_WHAT TO PRODUCE:_
Below are the data; count the lines with the string "pselect" in them and give that number only.

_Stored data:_

Lemma greedy_prefixE n : greedy_prefix a n = map sg (iota 0 n).
Proof. by elim: n => // n IH; rewrite map_sigma_iotaS -IH sigmaE. Qed.

Lemma sigma_notin n : sg n \notin map sg (iota 0 n).
Proof.
by rewrite sigmaE -greedy_prefixE; case: (greedy_pick_spec (greedy_prefix a n)).
Qed.

Lemma sigma_max n j : j \notin map sg (iota 0 n) -> `|a j| <= `|a (sg n)|.
Proof.
by rewrite sigmaE -greedy_prefixE; case: (greedy_pick_spec (greedy_prefix a n)) => _; apply.
Qed.

Lemma sigma_inj : injective sg.
Proof.
suff sg_neq m n : (m < n)%N -> sg m != sg n.
  by move=> m n smn; case: (ltngtP m n) => // mn; have := sg_neq _ _ mn; rewrite smn eqxx.
move=> mn; apply: contraNneq (sigma_notin n) => <-.
by rewrite map_f // mem_iota.
Qed.

Variable p : R.
Hypothesis p_ge0 : 0 <= p.

Lemma greedy_block_sum_max m n (J : seq nat) : uniq J -> size J = m ->
  (forall j, j \in J -> j \notin map sg (iota 0 n)) ->
  \sum_(j <- J) `|a j| `^ p <= \sum_(n <= k < n + m) `|a (sg k)| `^ p.
Proof.
elim: m n J => [|m IH] n J uJ sJ Jfree; first by rewrite (size0nil sJ) big_nil addn0 big_geq.
rewrite big_ltn ?addnS ?ltnS ?leq_addr // -addSn.
have Jfree' j : j \in J -> j != sg n -> j \notin map sg (iota 0 n.+1).
  by move=> jJ jn; rewrite map_sigma_iotaS mem_rcons in_cons negb_or jn Jfree.
have [snJ|snJ] := boolP (sg n \in J).
  rewrite (perm_big _ (perm_to_rem snJ)) big_cons lerD // IH ?rem_uniq ?size_rem ?sJ //.
  by move=> j; rewrite mem_rem_uniq // => /andP[jn jJ]; apply: Jfree'.
case: J uJ sJ Jfree Jfree' snJ => [//|j0 J] /= /andP[j0J uJ] [sJ] Jfree Jfree' snJ.
rewrite big_cons lerD ?IH //.
  by rewrite ge0_ler_powR ?nnegrE // sigma_max // Jfree ?mem_head.
move=> j jJ; apply: Jfree'; first by rewrite in_cons jJ orbT.
by apply: contraNneq snJ => <-; rewrite in_cons jJ orbT.
Qed.

Variable w : nat -> R.
Hypotheses (w_ge0 : forall k, 0 <= w k) (w_nonincr : forall k, w k.+1 <= w k).

Lemma arrangement_sum_le_greedy (e : seq nat) : uniq e ->
  arrangement_sum p w a e <= arrangement_sum p w a (map sg (iota 0 (size e))).
Proof.
move=> ue; rewrite arrangement_sum_map_iota; apply: abel_ler_sum => // k ke.
have sk : size (take k.+1 e) = k.+1 by rewrite size_takel.
have -> : \sum_(0 <= j < k.+1) `|a (nth 0%N e j)| `^ p = \sum_(j <- take k.+1 e) `|a j| `^ p.
  by rewrite [RHS](big_nth 0%N) sk; apply: eq_big_nat => j /andP[_ jk]; rewrite nth_take.
by rewrite -[k.+1]add0n greedy_block_sum_max ?take_uniq.
Qed.

End GreedyRearrangement.

Section LorentzDecomposition.
Variables (R : realType) (p : R) (w a : nat -> R).
Hypotheses (p_gt0 : 0 < p) (w_ge0 : forall k, 0 <= w k) (w_nonincr : forall k, w k.+1 <= w k).
Hypotheses (w_div : (\sum_(k <oo) (w k)%:E = +oo)%E) (a_in : in_Lpw p w a).

Local Notation sg := (sigma a).

Let p_ge0 : 0 <= p := ltW p_gt0.
Let a_null := in_Lpw_null p_ge0 w_ge0 w_div a_in.
Let greedy_term_ge0 k : 0 <= `|a (sg k)| `^ p * w k.
Proof. by rewrite mulr_ge0 ?powR_ge0. Qed.

Lemma lnormp_greedy : lnormp p w a = (\sum_(k <oo) (`|a (sg k)| `^ p * w k)%:E)%E.
Proof.
apply/eqP; rewrite eq_le; apply/andP; split.
  apply: ge_ereal_sup => _ [s bs <-].
  apply: nneseriesEFin_le => [k|n]; first by rewrite mulr_ge0 ?powR_ge0.
  apply: le_trans (nneseriesEFin_ge n greedy_term_ge0).
  have us : uniq (map s (iota 0 n)) by rewrite map_inj_uniq ?iota_uniq //; apply: bij_inj.
  have := arrangement_sum_le_greedy a_null p_ge0 w_ge0 w_nonincr us.
  by rewrite size_map size_iota !arrangement_sum_map_iota lee_fin.
apply: nneseriesEFin_le greedy_term_ge0 _ => n.
have us : uniq (map sg (iota 0 n)) by rewrite map_inj_uniq ?iota_uniq //; apply: sigma_inj.
by rewrite -arrangement_sum_map_iota arrangement_sum_le_lnormp.
Qed.

Lemma lnormp_W_split i : lnormp p w a = (W_ p w a i + Wt_ p w a i)%E.
Proof. by rewrite lnormp_greedy (nneseries_split 0 i) ?add0n // => k _; rewrite lee_fin. Qed.

Lemma w_sinv_sigma k : w_sinv a w (sg k) = w k.
Proof.
rewrite /w_sinv; case: pselect => [sk|[]]; last by exists k.
by case: cid => k' /= /(sigma_inj a_null) ->.
Qed.

Lemma w_sinv_ge0 j : 0 <= w_sinv a w j.
Proof. by rewrite /w_sinv; case: pselect. Qed.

_EXERCISE OUTPUT:_
2